Смотрите, ведь многие древние народы, древние цивилизации,
рассматривались довольно молодой, но дико агрессивной европейской
цивилизацией, как варвары. И на основании того, что материальное
могущество было на стороне европейцев, такие фундаментальные культуры,
как индусская, как китайская, как индейская культура ацтеков, например,
они уничтожались без всяких на то оснований. Покорялись, подавлялись,
приравнивались к культурам второго сорта именно попадая в ситуацию
объекта, приравниваясь к природе. И мы видим, что в эпоху
постколониальную эти государства начинают подниматься, эти государства
начинают быть конкурентоспособными с европейским человечеством. Я
убежден, что рано или поздно, они нанесут ответный удар. Мы уже видим,
как Европа получает реколонизацию. В начале они захватывали, скажем,
африканцев или порабощали их, устанавливая колониальные режимы, сейчас
они получают гостей оттуда, и уже сами, наверное, не рады. Потому что
если посмотреть во что превратилась Европа, радоваться там, по-моему,
нечему, это просто какой-то мусор, огромная свалка, которая растет. Они
сами устраивали свалку в покоренных обществах, теперь получают свалку
назад. Точно так же и с природой. И природа даст о себе знать.
Человек уже все сказал, что он думает о природе. Теперь
природа скажет о том, что она думает о человеке. Я думаю, в первую
очередь, что она для него сделает она на него плюнет. Потому что,
если как бы гигант или гигантское женское начало природы проснется,
посмотрит на этого уродца, который здесь выпендривается последние
300-400 лет со своими Бэконами, со своими программами "чистого разума"
и скажет: "Вы кто, друзья? Вы муравьи, вы просто пыль. Вначале просто
придите в себя!" Она дунет, она закачается, она затрясется, треть
человечества уйдет просто в бездну, а остальные, наверное задумаются.
Другое дело, что христианство и духовная религия показывает нам, что
человек не очень задумывается. Даже когда он будет лететь в бездну,
когда он будет гибнуть, полностью выстроив эту гибель своими руками,
он, все равно, будет думать о колбасе, о какой-то чепухе
второстепенной. Вылечит ли катастрофа человечество? Сделаем ли мы вывод
из того, что произошло на Гаити? Нет, уверяю, нет. "А? На Гаити? Ну,
главное не у нас. А? У нас? Ну, главное не со мной. А? Со мной!" Но тут
уже будет поздно, это "ква-ква," и на тот свет.
Катастрофа это вещь, которая духовная. Она интеллектуальная,
это не просто слепая сила природы, это какой-то знак, это какое-то
деяние, которое на самом деле в значительной степени связано с нашими
деяниями. Мы же, конечно, скажем: "Ну ладно, там, это не нам, это
гаитянам". Гаитянам - за свое помешательство, нам - за свое, каждому
природа даст, разберется по-своему.

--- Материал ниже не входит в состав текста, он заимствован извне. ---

Let kernel_t_lt0 t y : t < 0 -> kernel (t, y) = \1_`]-oo, t] y * - h y.
Proof.
move=> t_lt0; rewrite /kernel (@indic_notin _ Ap) ?sub0r ?mulNr ?mulrN; last first.
  by rewrite /Ap /=; lra.
by congr (- (_ * _)); apply: indic_congr; rewrite /An /= in_itv /= t_lt0 andbT.
Qed.

Let kernel_y_gt0 t y : 0 < y -> kernel (t, y) = \1_`[0, y[ t * h y.
Proof.
move=> y_gt0; rewrite /kernel (@indic_notin _ An) ?subr0; last by rewrite /An /=; lra.
by congr (_ * _); apply: indic_congr; rewrite /Ap /= in_itv.
Qed.

Let kernel_y_lt0 t y : y < 0 -> kernel (t, y) = \1_`[y, 0[ t * - h y.
Proof.
move=> y_lt0; rewrite /kernel (@indic_notin _ Ap) ?sub0r ?mulNr ?mulrN; last first.
  by rewrite /Ap /=; lra.
by congr (- (_ * _)); apply: indic_congr; rewrite /An /= in_itv.
Qed.

Let kernel_y0 t : kernel (t, 0) = 0.
Proof. by rewrite /kernel /h mul0r mulr0. Qed.

Let kernel_ge0 p : 0 <= kernel p.
Proof.
case: p => t y; have [t_ge0|t_lt0] := leP 0 t.
  rewrite kernel_t_ge0 // indicE; case: (boolP (y \in _)) => [|_]; last by rewrite mul0r.
  by rewrite inE /= in_itv /= andbT => ty; rewrite mul1r mulr_ge0 //; lra.
rewrite kernel_t_lt0 // indicE; case: (boolP (y \in _)) => [|_]; last by rewrite mul0r.
by rewrite inE /= in_itv /= => yt; rewrite mul1r oppr_ge0 /h nmulr_rle0 //; lra.
Qed.

Let integral_indic_mul (A : set R) (u : R -> R) :
  (\int[mu]_x (\1_A x * u x)%:E = \int[mu]_(x in A) (u x)%:E)%E.
Proof.
rewrite [RHS]integral_mkcond; apply: eq_integral => x _.
by rewrite /patch indicE; case: (x \in A); rewrite ?mul1r ?mul0r.
Qed.

Let integralN_h (D : set R) : measurable D ->
  (\int[mu]_(y in D) (- h y)%:E = - \int[mu]_(y in D) (h y)%:E)%E.
Proof.
move=> mD; under eq_integral do rewrite -mulN1r EFinM.
by rewrite integralZl ?mulN1e //; exact: integrableS yf_int.
Qed.

Let integral_kernel_dy t :
  (\int[mu]_y (kernel (t, y))%:E = (s2 * zb t)%:E)%E.
Proof.
rewrite zero_bias_densityE //; have [t_ge0|t_lt0] := leP 0 t.
  by under eq_integral do rewrite kernel_t_ge0 //; rewrite integral_indic_mul.
under eq_integral do rewrite kernel_t_lt0 //.
by rewrite integral_indic_mul integralN_h // integral_upper_tail_centered.
Qed.

Let lebesgue_measure_itv_co (a b : R) : a < b -> mu `[a, b[ = (b - a)%:E.
Proof.
by move=> ab; have := lebesgue_measure_itv `[a, b[; rewrite /= lte_fin ab -EFinB.
Qed.

Let integral_kernel_dt y : (\int[mu]_t (kernel (t, y))%:E = (y ^+ 2 * f y)%:E)%E.
Proof.
have [y_gt0|y_lt0|<-] := ltgtP 0 y.
- under eq_integral do rewrite kernel_y_gt0 //.
  rewrite integral_indic_mul integral_cst // [X in (_ * X)%E](_ : _ = y%:E).
    by rewrite -EFinM /h mulrC mulrA -expr2.
  by have := lebesgue_measure_itv_co y_gt0; rewrite subr0 => mu_itv; exact: mu_itv.
- under eq_integral do rewrite kernel_y_lt0 //.
  rewrite integral_indic_mul integral_cst // [X in (_ * X)%E](_ : _ = (- y)%:E).
    by rewrite -EFinM /h mulrN mulNr opprK mulrC mulrA -expr2.
  by have := lebesgue_measure_itv_co y_lt0; rewrite sub0r => mu_itv; exact: mu_itv.
- under eq_integral do rewrite kernel_y0.
  by rewrite integral0 expr0n /= mul0r.
Qed.

Let kernel_section_integrable t : mu.-integrable [set: R] (fun y => (kernel (t, y))%:E).
Proof.
apply/integrableP; split.
  by apply/measurable_EFinP; exact: measurableT_comp kernel_meas (pair1_measurable t).
under eq_integral do rewrite abse_EFin ger0_norm //.
by rewrite integral_kernel_dy ltry.
Qed.

Lemma zero_bias_density_ge0 t : 0 <= zb t.
Proof.
rewrite -(pmulr_rge0 _ s2_gt0) -lee_fin -integral_kernel_dy.
by apply: integral_ge0 => y _; rewrite lee_fin.
Qed.

Lemma measurable_zero_bias_density : measurable_fun [set: R] zb.
Proof.
have : measurable_fun [set: R] (fun t => s2 * zb t).
  apply/measurable_EFinP; rewrite [X in measurable_fun _ X](_ : _ =
    (fun t => \int[mu]_y (kernel (t, y))%:E)%E); last first.
    by apply/funext => t; rewrite integral_kernel_dy.
  have := measurable_fun_fubini_tonelli_F (m2 := mu) (fun p => (kernel p)%:E).
  apply => [|p]; first exact/measurable_EFinP.
  by rewrite lee_fin.
move=> /(measurable_funM (measurable_cst s2^-1)).
by apply: eq_measurable_fun => t _ /=; rewrite mulrA mulVf // mul1r.
Qed.

Lemma integral_zero_bias_density :
  (\int[mu]_t (zb t)%:E = s2^-1%:E * \int[mu]_y (y ^+ 2 * f y)%:E)%E.
Proof.
have tonelli : (\int[mu]_t (s2 * zb t)%:E = \int[mu]_y (y ^+ 2 * f y)%:E)%E.
  under eq_integral do rewrite -integral_kernel_dy.
  under [RHS]eq_integral do rewrite -integral_kernel_dt.
  apply: (@fubini_tonelli _ _ _ _ R mu mu (fun p => (kernel p)%:E)) => [|p].
    exact/measurable_EFinP.
  by rewrite lee_fin.
rewrite -tonelli; under [X in (_ * X)%E]eq_integral do rewrite EFinM.
rewrite ge0_integralZl_EFin ?muleA -?EFinM ?mulVf ?mul1e ?(ltW s2_gt0) //.
- by move=> t _; rewrite lee_fin zero_bias_density_ge0.
- by apply/measurable_EFinP; exact: measurable_zero_bias_density.
Qed.

Let integral_t_mul_kernel_dy t :
  (\int[mu]_y (t * kernel (t, y))%:E = (t * (s2 * zb t))%:E)%E.
Proof.
under eq_integral do rewrite EFinM.
by rewrite integralZl // integral_kernel_dy -EFinM.
Qed.

Let integral_t_mul_kernel_dt y :
  (\int[mu]_t (t * kernel (t, y))%:E = (y ^+ 3 * f y / 2)%:E)%E.
Proof.
have [y_gt0|y_lt0|<-] := ltgtP 0 y.
- under eq_integral => t _ do rewrite kernel_y_gt0 // mulrCA (mulrC t).
  by rewrite integral_indic_mul integral_itv_scale_id //; congr EFin; rewrite /h; ring.
- under eq_integral => t _ do rewrite kernel_y_lt0 // mulrCA (mulrC t).
  by rewrite integral_indic_mul integral_itv_scale_id //; congr EFin; rewrite /h; ring.
- under eq_integral do rewrite kernel_y0 mulr0.
  by rewrite integral0 expr0n /= !mul0r.
Qed.

Let integral_abs_t_mul_kernel_dt y :
  (\int[mu]_t `|(t * kernel (t, y))%:E| = (`|y| ^+ 3 * f y / 2)%:E)%E.
Proof.
under eq_integral do rewrite abse_EFin normrM (ger0_norm (kernel_ge0 _)).
have [y_gt0|y_lt0|<-] := ltgtP 0 y.
- under eq_integral do rewrite kernel_y_gt0 // mulrCA (mulrC `|_|).
  rewrite integral_indic_mul (gtr0_norm y_gt0).
  transitivity (\int[mu]_(t in `[0%R, y[) (h y * t)%:E)%E.
    apply: eq_integral => t; rewrite inE /= in_itv /= => /andP[t_ge0 _].
    by rewrite ger0_norm.
  by rewrite integral_itv_scale_id //; congr EFin; rewrite /h; ring.
- under eq_integral do rewrite kernel_y_lt0 // mulrCA (mulrC `|_|).
  rewrite integral_indic_mul (ltr0_norm y_lt0).
  transitivity (\int[mu]_(t in `[y, 0%R[) (h y * t)%:E)%E.
    apply: eq_integral => t; rewrite inE /= in_itv /= => /andP[_ t_lt0].
    by rewrite ltr0_norm // mulrNN.
  by rewrite integral_itv_scale_id //; congr EFin; rewrite /h; ring.
- under eq_integral do rewrite kernel_y0 mulr0.
  by rewrite integral0 normr0 expr0n /= !mul0r.
Qed.

Section third_moment.
Hypothesis y3f_int : mu.-integrable [set: R] (fun y => (y ^+ 3 * f y)%:E).

Let t_mul_kernel_integrable :
  (mu \x mu)%E.-integrable [set: R * R] (fun p => (p.1 * kernel p)%:E).
Proof.
have t_mul_kernel_meas : measurable_fun [set: R * R] (fun p => (p.1 * kernel p)%:E).
  by apply/measurable_EFinP; exact: measurable_funM.
apply/(integrable21ltyP mu mu t_mul_kernel_meas).
under eq_integral do rewrite integral_abs_t_mul_kernel_dt.
have /integrableP[_] := y3f_int; apply: le_lt_trans.
apply: ge0_le_integral => //.
- by move=> y _; rewrite lee_fin divr_ge0 // mulr_ge0 // exprn_ge0.
- apply/measurable_EFinP; apply: measurable_funM => //.
  by apply: measurable_funM => //; apply: measurable_funX; exact: normr_measurable.
- by apply/measurableT_comp/measurable_EFinP => //; exact: measurable_funM.
move=> y _; rewrite abse_EFin lee_fin normrM normrX (ger0_norm (f_ge0 y)).
by rewrite ler_pdivrMr // ler_peMr ?mulr_ge0 ?exprn_ge0 // ler1n.
Qed.

Let t_mul_zb_scaled_integrable :
  mu.-integrable [set: R] (fun t => (t * (s2 * zb t))%:E).
Proof.
by apply: eq_integrable (integrable_fubini_F t_mul_kernel_integrable) => // t _;
  exact: integral_t_mul_kernel_dy.
Qed.

Lemma integrable_mul_zero_bias_density :
  mu.-integrable [set: R] (fun t => (t * zb t)%:E).
Proof.
apply: eq_integrable (integrableZl measurableT s2^-1 t_mul_zb_scaled_integrable) => // t _.
by rewrite -EFinM mulrCA mulKf.
Qed.

Lemma integral_mul_zero_bias_density :
  (\int[mu]_t (t * zb t)%:E = (2 * s2)^-1%:E * \int[mu]_y (y ^+ 3 * f y)%:E)%E.
Proof.
have fubini : (\int[mu]_t (t * (s2 * zb t))%:E =
               2^-1%:E * \int[mu]_y (y ^+ 3 * f y)%:E)%E.
  under eq_integral do rewrite -integral_t_mul_kernel_dy.
  rewrite (Fubini t_mul_kernel_integrable).
  under eq_integral do rewrite integral_t_mul_kernel_dt mulrC EFinM.
  exact: integralZl.
rewrite mulrC invfM EFinM -muleA -fubini -integralZl //.
by apply: eq_integral => t _; rewrite -EFinM [X in _ = X%:E]mulrCA mulKf.
Qed.

End third_moment.

End zero_bias_moments.

Section chord.
Variables (R : realType) (g : R -> R).
Hypothesis g_cvx : convex_function [set: R] g.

Китайцы, которые ее уважают и
ценят, я думаю, пострадают меньше всего, и там все будет спокойно: и
плесы, и камни, и скалы. Потому что китайцы впустили природу в свою
собственную культуру, они дали ей там место. Какие-то другие
традиционные народы, они находятся в балансе с природой. Это не значит,
что они полностью как бы подчиняются или обожествляют природу. Отнюдь,
нет. Как считали там марксисты или эволюционисты. Возможно, они просто
находятся с природой в правильно выстроенном, правильно моделированном
диалоге. Дикарь, как показывают этносоциологические исследования, не
менее полноценный человек, не менее отделенный от природы, чем
современный технократ. Просто это отделение иное и отношение с природой
более выверенное, более четкое. Поэтому хотелось бы верить, что
катастрофы, которые грядут, и я уверен, размножат значительную часть
человечества, чтобы они воспринялись правильно, чтобы они воспринялись
как некое высказывание, как некий message, как некое послание, с
которым к нам обращаются. Тогда мы имеем шанс сделать из этого вывод.
Если же будем называть силы природы слепыми, если мы будем
рассматривать это, как фатум, как нечто, что абсолютно не связано с
нашей человеческой разумной деятельностью, мы просто будем копить все
новые и новые катастрофы и умножать их. Поэтому если 20-й век был веком
катастроф, то 21-й век будет веком накопления катастроф или
"мегакатастроф". Не исключено, что если мы будем упорствовать в своем
картезианском либерально-демократическом пафосе, мы получим в один
момент ту катастрофу, от которой не останется ничего от нас.